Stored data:
(* Let $M'\in\mathbb{R}^{n\times m}$ and let $\mathcal{M}\subseteq\mathcal{Q}(M')$ be such that for every $M\in\mathcal{M}$ the DSR graph $G_{M,M^t}$ is steady. Then for any $A,B^t\in\overline{\mathcal{M}}$ (the closure of $\mathcal{M}$), the matrix $AB$ is a $P_0$-matrix.
   Context: For $M\in\mathbb{R}^{n\times m}$, the qualitative class $\mathcal{Q}(M)$ is the set of real $n\times m$ matrices with the same entrywise sign pattern (signs in $\{-,0,+\}$) as $M$. A square real matrix is a $P_0$-matrix if all principal minors are nonnegative. DSR graphs: for $A\in\mathbb{R}^{n\times m}$, $B\in\mathbb{R}^{m\times n}$, $G_{A,B}$ is the signed, labelled bipartite digraph with S-vertices $S_1,\dots,S_n$ and R-vertices $R_1,\dots,R_m$, with an arc $R_j\to S_i$ of sign $\mathrm{sign}(A_{ij})$ iff $A_{ij}\ne0$ and an arc $S_i\to R_j$ of sign $\mathrm{sign}(B_{ji})$ iff $B_{ji}\ne0$; a pair of antiparallel arcs of the same sign is regarded as a single undirected edge. An edge arising from $A_{ij}\ne0$ (R-to-S or undirected) has label $|A_{ij}|$; an edge with only S-to-R orientation has label $\infty$. A cycle is a nonempty closed walk (traversing edges consistently with orientation) repeating no vertex except first$=$last. A cycle $(e_1,\dots,e_{2r})$ is an s-cycle if all labels are finite and $\prod_{i=1}^r l(e_{2i-1})=\prod_{i=1}^r l(e_{2i})$. $G_{A,B}$ is steady if all of its cycles are s-cycles. *)

From HB Require Import structures.
From mathcomp Require Import all_boot all_order all_algebra.
From mathcomp Require Import reals.
Set Implicit Arguments. Unset Strict Implicit. Unset Printing Implicit Defensive.
Import Order.TTheory GRing.Theory Num.Theory.
Local Open Scope ring_scope.

Section DSR.
Variable R : realType.

Definition qual_class (n m : nat) (M' M : 'M[R]_(n, m)) : Prop :=
  forall i j, Num.sg (M i j) = Num.sg (M' i j).

Definition principal_submx (n : nat) (M : 'M[R]_n) (I : {set 'I_n}) : 'M[R]_#|I| :=
  \matrix_(a < #|I|, b < #|I|) M (enum_val a) (enum_val b).

Definition P0_matrix (n : nat) (M : 'M[R]_n) : Prop :=
  forall I : {set 'I_n}, 0 <= \det (principal_submx M I).

Definition in_closure (n m : nat) (S : 'M[R]_(n, m) -> Prop) (A : 'M[R]_(n, m)) : Prop :=
  forall e : R, 0 < e -> exists M, S M /\ forall i j, `|A i j - M i j| < e.

(** Vertices: S_i = inl i, R_j = inr j.
    Edges between S_i and R_j are of three kinds:
    - [Und]  : undirected edge (antiparallel arcs of the same sign), label |A_ij|;
    - [ArcRS]: arc R_j -> S_i only (not merged), label |A_ij|;
    - [ArcSR]: arc S_i -> R_j only (not merged), label infinity. *)
Inductive ekind := Und | ArcRS | ArcSR.

Definition merged (n m : nat) (A : 'M[R]_(n, m)) (B : 'M[R]_(m, n)) i j : bool :=
  [&& A i j != 0, B j i != 0 & Num.sg (A i j) == Num.sg (B j i)].

Definition dsr_edge (n m : nat) (A : 'M[R]_(n, m)) (B : 'M[R]_(m, n))
    (i : 'I_n) (j : 'I_m) (k : ekind) : bool :=
  match k with
  | Und => merged A B i j
  | ArcRS => (A i j != 0) && ~~ merged A B i j
  | ArcSR => (B j i != 0) && ~~ merged A B i j
  end.

Record step (n m : nat) := Step { st_i : 'I_n; st_j : 'I_m; st_k : ekind; st_d : bool }.

Definition step_ok n m (s : step n m) : bool :=
  match st_k s with Und => true | ArcRS => ~~ st_d s | ArcSR => st_d s end.

Definition st_start n m (s : step n m) : 'I_n + 'I_m :=
  if st_d s then inl (st_i s) else inr (st_j s).
Definition st_end n m (s : step n m) : 'I_n + 'I_m :=
  if st_d s then inr (st_j s) else inl (st_i s).

Definition dsr_cycle (n m : nat) (A : 'M[R]_(n, m)) (B : 'M[R]_(m, n))
    (c : seq (step n m)) : Prop :=
  [/\ (0 < size c)%N,
      all (fun s => dsr_edge A B (st_i s) (st_j s) (st_k s) && step_ok s) c,
      cycle (fun s t => st_end s == st_start t) c
    & uniq (map (@st_start n m) c)].

(** Labels: [None] stands for infinity. *)
Definition st_label n m (A : 'M[R]_(n, m)) (s : step n m) : option R :=
  match st_k s with ArcSR => None | _ => Some `|A (st_i s) (st_j s)| end.

(** s-cycle (e_1,...,e_{2r}): all labels finite and
    prod l(e_odd) = prod l(e_even).  Positions are 0-based below. *)
Definition s_cycle (n m : nat) (A : 'M[R]_(n, m)) (c : seq (step n m)) : Prop :=
  all (fun s => st_label A s != None) c /\
  let ls := map (fun s => odflt 0 (st_label A s)) c in
  \prod_(t < size ls | ~~ odd t) ls`_t = \prod_(t < size ls | odd t) ls`_t.

Definition steady (n m : nat) (A : 'M[R]_(n, m)) (B : 'M[R]_(m, n)) : Prop :=
  forall c : seq (step n m), dsr_cycle A B c -> s_cycle A c.

End DSR.

From HB Require Import structures.
From mathcomp Require Import all_boot all_order all_algebra perm.
From mathcomp Require Import boolp classical_sets reals interval_inference.
From mathcomp Require Import topology normedtype.
Set Implicit Arguments. Unset Strict Implicit. Unset Printing Implicit Defensive.
Import Order.TTheory GRing.Theory Num.Theory.
Import numFieldNormedType.Exports.
Local Open Scope classical_set_scope.
Local Open Scope ring_scope.

(* By a Cauchy-Binet type expansion, k! times a principal minor of A B is a sum
   of products det A[I, f] * det B^T[I, f] over maps f from I to the columns.
   For a matrix M with G_{M,M^T} steady, all nonzero terms of the Leibniz
   expansion of a minor of M have the same absolute value: two such terms
   differ by a permutation whose cycles give cycles of G_{M,M^T} alternating
   between the entries used by either term, and the s-cycle condition equates
   the two products along each of them.  So every minor of M is a nonnegative
   multiple of the same minor of the sign pattern of M, which is shared by the
   whole family; the products above are therefore nonnegative, and remain so
   on the closure by continuity of minors. *)

Section CauchyBinet.
Variables (R : comPzRingType) (k m : nat) (P : 'M[R]_(k, m)) (Q : 'M[R]_(m, k)).

Lemma det_mulmx_ffun : \det (P *m Q) =
  \sum_(f : {ffun 'I_k -> 'I_m}) (\prod_i P i (f i)) * \det (\matrix_(i, j) Q (f i) j).
Proof.
under [RHS]eq_bigr do rewrite big_distrr.
rewrite exchange_big; apply: eq_bigr => s _ /=.
under [RHS]eq_bigr do rewrite mulrCA.
rewrite -big_distrr; congr (_ * _).
under eq_bigr do rewrite mxE.
rewrite bigA_distr_bigA /=; apply: eq_bigr => f _.
by rewrite -big_split; apply: eq_bigr => i _; rewrite mxE.
Qed.

(* Averaging [det_mulmx_ffun] over the reindexings [f \o t], [t : 'S_k], turns
   the product [\prod_i P i (f i)] into a minor of [P]. *)
Lemma det_mulmx_mulrn_fact : \det (P *m Q) *+ k`! =
  \sum_(f : {ffun 'I_k -> 'I_m})
     \det (\matrix_(i, j) P i (f j)) * \det (\matrix_(i, j) Q (f i) j).
Proof.
pose Qf (f : {ffun 'I_k -> 'I_m}) := \matrix_(i, j) Q (f i) j.
have Qf_perm (f : {ffun 'I_k -> 'I_m}) (t : 'S_k) :
    \det (Qf [ffun i => f (t i)]) = (-1) ^+ t * \det (Qf f).
  rewrite -det_perm -det_mulmx -row_permE; congr (\det _).
  by apply/matrixP => i j; rewrite !mxE ffunE.
have reindex_perm_ffun (t : 'S_k) (F : {ffun 'I_k -> 'I_m} -> R) :
    \sum_f F f = \sum_(f : {ffun 'I_k -> 'I_m}) F [ffun i => f (t i)].
  apply: reindex_inj => f1 f2 /ffunP eq12; apply/ffunP => i.
  by have := eq12 (t^-1 i)%g; rewrite !ffunE permKV.
rewrite -card_Sn -sumr_const.
under eq_bigr => t _ do rewrite det_mulmx_ffun (reindex_perm_ffun t) /=.
rewrite exchange_big; apply: eq_bigr => f _ /=.
rewrite /Qf big_distrl /=; apply: eq_bigr => t _.
rewrite Qf_perm mulrA [_ * (-1) ^+ t]mulrC.
by congr (_ * _ * _); apply: eq_bigr => i _; rewrite !mxE ffunE.
Qed.
End CauchyBinet.

Section AlternatingProducts.
Variable R : pzSemiRingType.

Lemma prod_even_cons2 (x y : R) s :
  \prod_(t < size [:: x, y & s] | ~~ odd t) [:: x, y & s]`_t =
  x * \prod_(t < size s | ~~ odd t) s`_t.
Proof.
rewrite big_mkcond !big_ord_recl /= mul1r [in RHS]big_mkcond.
by congr (_ * _); apply: eq_bigr => i _; rewrite add0n negbK.
Qed.

Lemma prod_odd_cons2 (x y : R) s :
  \prod_(t < size [:: x, y & s] | odd t) [:: x, y & s]`_t =
  y * \prod_(t < size s | odd t) s`_t.
Proof.
rewrite big_mkcond !big_ord_recl /= mul1r [in RHS]big_mkcond.
by congr (_ * _); apply: eq_bigr => i _; rewrite add0n negbK.
Qed.

Variables (T : Type) (f1 f2 : T -> R).

Lemma prod_even_interleave s :
  let ls := flatten [seq [:: f1 x; f2 x] | x <- s] in
  \prod_(t < size ls | ~~ odd t) ls`_t = \prod_(x <- s) f1 x.
Proof.
by elim: s => [|x s IH] /=; rewrite ?big_ord0 ?big_nil // prod_even_cons2 IH big_cons.
Qed.

Lemma prod_odd_interleave s :
  let ls := flatten [seq [:: f1 x; f2 x] | x <- s] in
  \prod_(t < size ls | odd t) ls`_t = \prod_(x <- s) f2 x.
Proof.
by elim: s => [|x s IH] /=; rewrite ?big_ord0 ?big_nil // prod_odd_cons2 IH big_cons.
Qed.
End AlternatingProducts.

Section OrbitProducts.
Variables (R : comPzSemiRingType) (k : nat) (rho : 'S_k) (a0 : 'I_k).

Lemma prod_traject_porbit (F : 'I_k -> R) :
  \prod_(a <- traject rho a0 #|porbit rho a0|) F a = \prod_(a in porbit rho a0) F a.
Proof.
by rewrite big_uniq ?uniq_traject_porbit //; apply: eq_bigl => a; rewrite porbit_traject.
Qed.

Lemma mem_porbit_perm a : (rho a \in porbit rho a0) = (a \in porbit rho a0).
Proof. by rewrite -!eq_porbit_mem; have := porbit_perm rho 1 a; rewrite expg1 => ->. Qed.

Lemma prod_porbit_perm (F : 'I_k -> R) :
  \prod_(a in porbit rho a0) F (rho a) = \prod_(a in porbit rho a0) F a.
Proof.
rewrite [RHS](reindex_inj (@perm_inj _ rho)); apply: eq_bigl => a.
by rewrite mem_porbit_perm.
Qed.
End OrbitProducts.

Lemma uniq_interleave (T U : eqType) (f1 f2 : T -> U) (s : seq T) :
  uniq (flatten [seq [:: f1 x; f2 x] | x <- s]) = uniq (map f1 s ++ map f2 s).
Proof.
apply: perm_uniq; elim: s => //= x s IH.
by rewrite perm_cons perm_sym -[f2 x :: _]cat1s perm_catCA /= perm_cons perm_sym.
Qed.

Lemma merged_trmx (R : realType) n m (M : 'M[R]_(n, m)) i j :
  merged M M^T i j = (M i j != 0).
Proof. by rewrite /merged mxE eqxx andbT andbb. Qed.

Lemma card_porbitS (T : finType) (s : {perm T}) x :
  #|porbit s x| = #|porbit s x|.-1.+1.
Proof. by rewrite prednK // lt0n card_porbit_neq0. Qed.

Section OrbitWalk.
Variables (R : realType) (n m k : nat) (M : 'M[R]_(n, m)).
Variables (r : 'I_k -> 'I_n) (g : 'I_k -> 'I_m) (rho : 'S_k).

(* Along the cycle (a0, rho a0, ...) of [rho], the walk
   S_(r a) -> R_(g (rho a)) -> S_(r (rho a)) -> ... of G_{M,M^T}; its even
   steps use the entries of [M] selected by [rho], its odd steps those selected
   by the identity. *)
Definition orbit_steps (a : 'I_k) : seq (step n m) :=
  [:: Step (r a) (g (rho a)) Und true; Step (r (rho a)) (g (rho a)) Und false].

Definition orbit_walk (a0 : 'I_k) : seq (step n m) :=
  flatten [seq orbit_steps a | a <- traject rho a0 #|porbit rho a0|].

Local Notation adjacent := (fun s t : step n m => st_end s == st_start t).

Lemma path_orbit_steps (x : step n m) a L : st_end x = inl (r a) ->
  path adjacent x (flatten [seq orbit_steps b | b <- traject rho a L]).
Proof. by elim: L x a => // L IH x a /= ->; rewrite !eqxx; apply: IH. Qed.

Lemma cycle_orbit_walk a0 : cycle adjacent (orbit_walk a0).
Proof.
have cardL := card_porbitS rho a0; set L := _.-1 in cardL.
have rho_last : rho (iter L rho a0) = a0 by rewrite -iterS -cardL iter_porbit.
set x := Step (r a0) (g a0) Und true.
have end_last : st_end (last x (orbit_walk a0)) = inl (r a0).
  rewrite /orbit_walk cardL trajectSr map_rcons -cats1 flatten_cat last_cat /=.
  by rewrite rho_last.
by rewrite (cycle_path x); apply: path_orbit_steps.
Qed.

Lemma s_cycle_orbit_walk a0 : s_cycle M (orbit_walk a0) ->
  \prod_(a in porbit rho a0) `|M (r a) (g (rho a))| =
  \prod_(a in porbit rho a0) `|M (r (rho a)) (g (rho a))|.
Proof.
case=> _ /=.
have -> : [seq odflt 0 (st_label M s) | s <- orbit_walk a0] =
    flatten [seq [:: `|M (r a) (g (rho a))|; `|M (r (rho a)) (g (rho a))|]
            | a <- traject rho a0 #|porbit rho a0|].
  by rewrite /orbit_walk map_flatten -map_comp.
by rewrite prod_even_interleave prod_odd_interleave !prod_traject_porbit.
Qed.

Hypotheses (r_inj : injective r) (g_inj : injective g).

Lemma uniq_orbit_walk a0 : uniq (map (@st_start n m) (orbit_walk a0)).
Proof.
rewrite /orbit_walk map_flatten -map_comp uniq_interleave cat_uniq.
have t_uniq := uniq_traject_porbit rho a0.
rewrite !map_inj_uniq //=; last by move=> a b [] /r_inj.
  by rewrite t_uniq andbT; apply/hasPn => _ /mapP[a _ ->]; apply/mapP => -[].
by move=> a b [] /g_inj /perm_inj.
Qed.

Hypotheses (M_diag : forall a, M (r a) (g a) != 0)
           (M_rho : forall a, M (r a) (g (rho a)) != 0).

Lemma dsr_cycle_orbit_walk a0 : dsr_cycle M M^T (orbit_walk a0).
Proof.
split; [|rewrite /orbit_walk|exact: cycle_orbit_walk|exact: uniq_orbit_walk].
- by rewrite /orbit_walk card_porbitS.
- by elim: (traject _ _ _) => //= a t ->; rewrite !merged_trmx M_rho M_diag.
Qed.

Hypothesis steadyM : steady M M^T.

Lemma steady_prod_porbit a0 :
  \prod_(a in porbit rho a0) `|M (r a) (g (rho a))| =
  \prod_(a in porbit rho a0) `|M (r a) (g a)|.
Proof.
rewrite (s_cycle_orbit_walk (steadyM (dsr_cycle_orbit_walk a0))).
exact: (prod_porbit_perm rho a0 (fun a => `|M (r a) (g a)|)).
Qed.

Lemma steady_prod_perm :
  \prod_a `|M (r a) (g (rho a))| = \prod_a `|M (r a) (g a)|.
Proof.
rewrite !(partition_big_imset (porbit rho)) /=.
apply: eq_bigr => _ /imsetP[a0 _ ->].
rewrite !(eq_bigl _ _ (eq_porbit_mem rho ^~ a0)).
exact: steady_prod_porbit.
Qed.
End OrbitWalk.

Definition minor (R : pzRingType) n m k (X : 'M[R]_(n, m))
    (r : 'I_k -> 'I_n) (f : 'I_k -> 'I_m) : R :=
  \det (\matrix_(a, b) X (r a) (f b)).

Lemma minorE (R : pzRingType) n m k (X : 'M[R]_(n, m)) r (f : 'I_k -> 'I_m) :
  minor X r f = \sum_(s : 'S_k) (-1) ^+ s * \prod_a X (r a) (f (s a)).
Proof. by apply: eq_bigr => s _; congr (_ * _); apply: eq_bigr => a _; rewrite mxE. Qed.

Lemma minor_eq0 (R : comPzRingType) n m k (X : 'M[R]_(n, m)) r (f : 'I_k -> 'I_m) :
  ~~ (injectiveb r && injectiveb f) -> minor X r f = 0.
Proof.
case/nandP => /injectivePn[a1 [a2 a12 eq_a12]].
  by apply: determinant_alternate a12 _ => b; rewrite !mxE eq_a12.
by rewrite /minor -det_tr; apply: determinant_alternate a12 _ => b; rewrite !mxE eq_a12.
Qed.

Section SteadyMinor.
Variables (R : realType) (n m k : nat) (M : 'M[R]_(n, m)).
Variables (r : 'I_k -> 'I_n) (f : 'I_k -> 'I_m).
Hypothesis steadyM : steady M M^T.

### TASK DIRECTIONS
The reply should consist solely of the lines above from the one that has "From mathcomp Require Import all_boot all_order all_algebra." through the one that has "Section DSR.", reproduced exactly.

### RESPONSE BOX
From mathcomp Require Import all_boot all_order all_algebra.
From mathcomp Require Import reals.
Set Implicit Arguments. Unset Strict Implicit. Unset Printing Implicit Defensive.
Import Order.TTheory GRing.Theory Num.Theory.
Local Open Scope ring_scope.

Section DSR.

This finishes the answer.